You are browsing a read-only backup copy of Wikitech. The live site can be found at wikitech.wikimedia.org

Analytics/Systems/Presto

From Wikitech-static
< Analytics‎ | Systems
Revision as of 15:02, 21 September 2018 by imported>Joal (Updates in core and druid precisions additions.)
(diff) ← Older revision | Latest revision (diff) | Newer revision → (diff)
Jump to navigation Jump to search

Presto is a distributed SQL query engine for big data open sourced by Facebook (like Hive). We are currently (as of September 2018) on the way to deploy an experimental setup on 3 machines to provide labs users with qurying capabilities over the mediawiki-history dataset.

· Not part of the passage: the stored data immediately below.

Lemma comm_subgroup_comm u v :
  word_ok u -> word_ok v -> in_comm_subgroup (word_eval (comm_word u v)).
Proof.
by move=> hu hv; exists [:: (u, v)]; rewrite /comm_words /= cats0; split=> // p [<-|].
Qed.

Lemma word_inv_comm_words ps :
  word_inv (comm_words ps) = comm_words (rev [seq (p.2, p.1) | p <- ps]).
Proof.
elim: ps => [|p ps IH] //; rewrite /= rev_cons -cats1 comm_words_cat -IH.
by rewrite /comm_words /= cats0 word_inv_cat /comm_word !word_inv_cat !word_invK -!catA.
Qed.

Lemma comm_subgroup_inv f f' : in_comm_subgroup f -> cancel f' f -> in_comm_subgroup f'.
Proof.
move=> [ps [hps ef]] f'K; exists (rev [seq (p.2, p.1) | p <- ps]); split.
  elim: ps hps {ef} => [|p ps IH] // /pairs_ok_cons [[h1 h2] hps].
  by rewrite /= rev_cons -cats1 pairs_ok_cat pairs_ok_cons; split; first exact: IH.
rewrite -word_inv_comm_words; apply: funext => xi.
by rewrite -[in RHS](f'K xi) ef word_evalK.
Qed.

Lemma comm_subgroup_conj h f : word_ok h -> in_comm_subgroup f ->
  in_comm_subgroup (word_eval h \o f \o word_eval (word_inv h)).
Proof.
move=> hh [ps [hps ->]]; elim: ps hps => [|[u v] ps IH] /=.
  move=> _; rewrite (_ : _ \o _ = id); first exact: comm_subgroup_id.
  by apply: funext; exact: word_evalKV.
move=> /pairs_ok_cons [[hu hv] /IH hrest].
pose cj w := h ++ w ++ word_inv h.
have hcj w : word_ok w -> word_ok (cj w).
  by move=> hw; rewrite /cj !word_ok_cat; have := word_ok_inv hh.
have := comm_subgroup_comp (comm_subgroup_comm (hcj u hu) (hcj v hv)) hrest.
congr in_comm_subgroup; apply: funext => xi /=.
rewrite /comm_words /= -/(comm_words ps) /cj /comm_word !word_inv_cat !word_invK.
by rewrite -!catA !word_eval_catE !word_evalK.
Qed.

(** * Conjugacy of localisations *)

Definition nonconst (s : seq bool) : bool := (false \in s) && (true \in s).

Lemma nonconstP s : reflect (~ constant_word s) (nonconst s).
Proof.
apply: (iffP andP) => [[hf ht] [n [e|e]]|hs].
  by move: ht; rewrite e mem_nseq andbF.
  by move: hf; rewrite e mem_nseq andbF.
split; apply/negP => hn; apply: hs; exists (size s); [right|left];
  by apply/all_pred1P/allP => -[] // hb; rewrite hb in hn.
Qed.

Lemma nonconstE s : nonconst s = ~~ all (pred1 true) s && ~~ all (pred1 false) s.
Proof. by rewrite -!has_predC /nonconst -!has_pred1; congr andb; apply: eq_has => -[]. Qed.

Lemma constant_nseq s : ~~ nonconst s -> exists b, s = nseq (size s) b.
Proof.
by rewrite nonconstE negb_and !negbK => /orP [] /all_pred1P e; eexists; exact: e.
Qed.

Lemma letter_ok_nonconst l : letter_ok l <-> (if l.1 is GY s then nonconst s else true).
Proof. by case: l => -[s|s] b /=; split=> // /nonconstP. Qed.

Definition loc_conj (p q : seq bool) : Prop := exists h, word_ok h /\
  forall f, word_eval h \o localize p f \o word_eval (word_inv h) = localize q f.

Lemma loc_conj_refl p : loc_conj p p.
Proof. by exists [::]; split=> [l []|f]; apply: funext. Qed.

Lemma loc_conj_sym p q : loc_conj p q -> loc_conj q p.
Proof.
move=> [h [hh e]]; exists (word_inv h); split=> [|f]; first exact: word_ok_inv.
by rewrite -e; apply: funext => xi /=; rewrite word_invK !word_evalK.
Qed.

Lemma loc_conj_trans p q r : loc_conj p q -> loc_conj q r -> loc_conj p r.
Proof.
move=> [h1 [ok1 e1]] [h2 [ok2 e2]]; exists (h2 ++ h1); split=> [|f].
  exact/word_ok_cat.
by rewrite -e2 -e1; apply: funext => xi; rewrite /= word_inv_cat !word_eval_catE.
Qed.

Definition lift_letter (r : seq bool) (l : letter) : letter :=
  (match l.1 with GX s => GX (r ++ s) | GY s => GY (r ++ s) end, l.2).

Lemma letter_map_lift r l : letter_map (lift_letter r l) = localize r (letter_map l).
Proof. by case: l => [[s|s] [|]]; rewrite /= localize_cat. Qed.

Lemma word_eval_lift r w :
  word_eval (map (lift_letter r) w) = localize r (word_eval w).
Proof.
elim: w => [|l w IH]; first by rewrite localize_id.
apply: funext => xi; rewrite map_cons [LHS]word_eval_cons IH letter_map_lift.
by rewrite -[RHS]/(localize r (letter_map l \o word_eval w) xi) localize_comp.
Qed.

Lemma loc_conj_lift r p q : loc_conj p q -> loc_conj (r ++ p) (r ++ q).
Proof.
move=> [h [hh e]]; exists (map (lift_letter r) h); split=> [l|f].
  move=> /List.in_map_iff [l' [<- /hh]]; rewrite !letter_ok_nonconst.
  by case: l' => -[s|s] b //=; rewrite /nonconst !mem_cat => /andP [-> ->]; rewrite !orbT.
have -> : word_inv (map (lift_letter r) h) = map (lift_letter r) (word_inv h).
  by rewrite /word_inv map_rev -!map_comp.
by rewrite !word_eval_lift !localize_cat -!localize_comp e.
Qed.

Lemma loc_conj_of_prepend h p q : word_ok h ->
  (forall xi, word_eval h (prepend p xi) = prepend q xi) -> loc_conj p q.
Proof.
move=> hh e; exists h; split=> // f; apply: funext => eta /=.
have [/has_prefixP [z ->]|hq] := boolP (has_prefix q eta).
  by rewrite -[in LHS]e word_evalK !localize_prepend e.
rewrite (localize_out _ hq) localize_out ?word_evalKV //.
apply: contra hq => /has_prefixP [z ez].
by rewrite -(word_evalKV h eta) ez e has_prefix_prepend.
Qed.

Lemma loc_conj_by_x p q :
  (forall xi, xmap (prepend p xi) = prepend q xi) -> loc_conj p q.
Proof.
move=> e; apply: (loc_conj_of_prepend (h := [:: (GX [::], false)])) => [|xi].
  exact: word_ok1.
by rewrite word_eval1 /= localize_nil e.
Qed.

Lemma loc_conj_01_10 r : loc_conj (false :: true :: r) (true :: false :: r).
Proof. exact/loc_conj_by_x/xmap_01. Qed.

Lemma loc_conj_1_11 r : loc_conj (true :: r) (true :: true :: r).
Proof. exact/loc_conj_by_x/xmap_1. Qed.

Lemma loc_conj_00_0 r : loc_conj (false :: false :: r) (false :: r).
Proof. exact/loc_conj_by_x/xmap_00. Qed.

Lemma loc_conj_nseq b k : loc_conj (nseq k.+1 b) [:: b].
Proof.
elim: k => [|k IH]; first exact: loc_conj_refl.
apply: loc_conj_trans IH; case: b.
  exact/loc_conj_sym/loc_conj_1_11.
exact: loc_conj_00_0.
Qed.

Lemma nonconst_cons_nseq a t : nonconst (a :: t) -> ~~ nonconst t ->
  exists k, t = nseq k.+1 (~~ a).
Proof.
move=> hs ht; have hna : ~~ a \in t.
  by move: hs; rewrite /nonconst !inE; case: a; rewrite /= ?andbT.
have ha : a \notin t.
  by apply: contra ht => hat; rewrite /nonconst; case: (a) hna hat => -> ->.
have et : t = nseq (size t) (~~ a).
  apply/all_pred1P/allP => b hb /=; apply: contraTT ha.
  by case: (a) b hb => -[] hb //=; rewrite hb.
by case: (size t) et => [|k] et; [rewrite et in hna|exists k].
Qed.

Lemma loc_conj_nonconst s : nonconst s -> loc_conj s [:: false; true].
Proof.
elim: s => [//|a t IH] hs.
have [ht|ht] := boolP (nonconst t).
  apply: loc_conj_trans (loc_conj_lift [:: a] (IH ht)) _; case: a {hs}.
    apply: loc_conj_trans (loc_conj_sym (loc_conj_01_10 [:: true])) _.
    exact: (loc_conj_lift [:: false] (loc_conj_sym (loc_conj_1_11 [::]))).
  exact: loc_conj_00_0.
have [k ->] := nonconst_cons_nseq hs ht.
apply: loc_conj_trans (loc_conj_lift [:: a] (loc_conj_nseq (~~ a) k)) _.
by case: a {hs ht}; [exact/loc_conj_sym/loc_conj_01_10|exact: loc_conj_refl].
Qed.

(** * Reduction modulo the commutator subgroup *)

Lemma localize1_in b s f z :
  localize [:: b] f (prepend (b :: s) z) = prepend [:: b] (f (prepend s z)).
Proof. by rewrite prepend_cons localize_prepend. Qed.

Why Presto ? Value proposition

We have been looking for a query-engine that would facilitate querying the mediawiki-history dataset. The dataset is somewhat "big" but not one of our largest (~750Gb, 3 billion rows) and the expected queries would be analytics-style queries (group by, count, sum rather than random-read of single rows). Our requirements are to provide a SQL compliant query interface, with interesting SQL-analytics features (window functions). This two requirements are satisfied by Hive but it has a major drawback in that is that it is slow (time-overhead for launching jobs and relying on MapReduce for computation makes the ratio (job-duration/ data-size) very bad for small-ish data).

We had several alternatives for this use-case: Hive, Druid, Clickhouse, and Presto.

Presto has been choosen as the best technology fitting our needs. It was developed to solve Hive issues with speed.

Reasons why we choose Presto:

  • It matches all the SQL needs with the advantage of being SQL-ANSI compliant, by opposition to all other systems that use dialects
  • It is really faster than Hive for small/medium size data. A bit less fast than Clickhouse and Druid for the queries Druid can process (Druid is actually not a general SQL-engine[1]).
  • It reads from HDFS and other big-data storages, making it easy to load/reload/maintain datasets (by opposition to Clickhouse and Druid).
  • It takes advantage of hadoop-standard columnar data format (Parquet)
  • It is the preferred tool of many other big players for querying analytics-oriented data in an exploratory way. It has a live ecosystem.
  1. As of today (September 2018) there two drawbacks on using Druid as a general SQL query engine: there is a significant scope of SQL that Druid would not be able to parse, and a broad range of queries (nested group-by for instance) would fail at computation-stage.